Work instruction: I'd like every line from the material below that has "forall" in it.

Data:
Lemma continuous_RInt_param (f : R -> R -> R) a b x0 :
  (forall x t, continuity_2d_pt f x t) -> continuous (fun x => RInt (fun t => f x t) a b) x0.
Proof.
intros Hf. apply continuous_eps_delta. intros eps He.
set (lo := Rmin a b). set (hi := Rmax a b).
assert (Hlh : lo <= hi) by apply Rmin_Rmax.
assert (Hba : Rabs (b - a) = hi - lo).
{ unfold lo, hi. destruct (Rle_dec a b).
  - rewrite Rmin_left, Rmax_right, Rabs_pos_eq; lra.
  - rewrite Rmin_right, Rmax_left, Rabs_left; lra. }
set (eta := eps / (hi - lo + 1)). assert (Heta : 0 < eta) by (apply Rdiv_lt_0_compat; lra).
destruct (uniform_continuity_2d f (x0 - 1) (x0 + 1) lo hi (fun x y _ _ => Hf x y) (mkposreal eta Heta))
  as [dl Hdl].
exists (Rmin 1 dl). split; [apply Rmin_pos; [lra | apply cond_pos]|]. intros y Hy.
assert (Hy1 : Rabs (y - x0) < 1) by (eapply Rlt_le_trans; [exact Hy | apply Rmin_l]).
assert (Hy2 : Rabs (y - x0) < dl) by (eapply Rlt_le_trans; [exact Hy | apply Rmin_r]).
apply Rabs_def2 in Hy1.
assert (E : forall x, ex_RInt (fun t => f x t) a b).
{ intros x. apply ex_RInt_continuousR. intros t _. apply continuity_2d_pt_continuous_snd, Hf. }
rewrite <- RInt_minusR by apply E.
apply Rle_lt_trans with (Rabs (b - a) * eta).
- destruct (Rle_dec a b) as [h|h].
  + rewrite (Rabs_pos_eq (b - a)) by lra. apply abs_RInt_le_const; [lra | apply ex_RInt_minusR; apply E|].
    intros t Ht. left. apply (Hdl x0 t y t); unfold lo, hi; try rewrite Rmin_left by lra;
      try rewrite Rmax_right by lra; try lra.
    rewrite Rminus_eq_0, Rabs_R0. apply cond_pos.
  + rewrite RInt_swapR by (apply ex_RInt_swap, ex_RInt_minusR; apply E).
    rewrite Rabs_Ropp, (Rabs_left (b - a)) by lra. replace (- (b - a)) with (a - b) by ring.
    apply abs_RInt_le_const; [lra | apply ex_RInt_swap, ex_RInt_minusR; apply E|].
    intros t Ht. left. apply (Hdl x0 t y t); unfold lo, hi; try rewrite Rmin_right by lra;
      try rewrite Rmax_left by lra; try lra.
    rewrite Rminus_eq_0, Rabs_R0. apply cond_pos.
- rewrite Hba. unfold eta. apply (Rmult_lt_reg_r (hi - lo + 1)); [lra|].
  replace ((hi - lo) * (eps / (hi - lo + 1)) * (hi - lo + 1)) with ((hi - lo) * eps) by (field; lra). nra.
Qed.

Solution to this task:
  (forall x t, continuity_2d_pt f x t) -> continuous (fun x => RInt (fun t => f x t) a b) x0.
assert (E : forall x, ex_RInt (fun t => f x t) a b).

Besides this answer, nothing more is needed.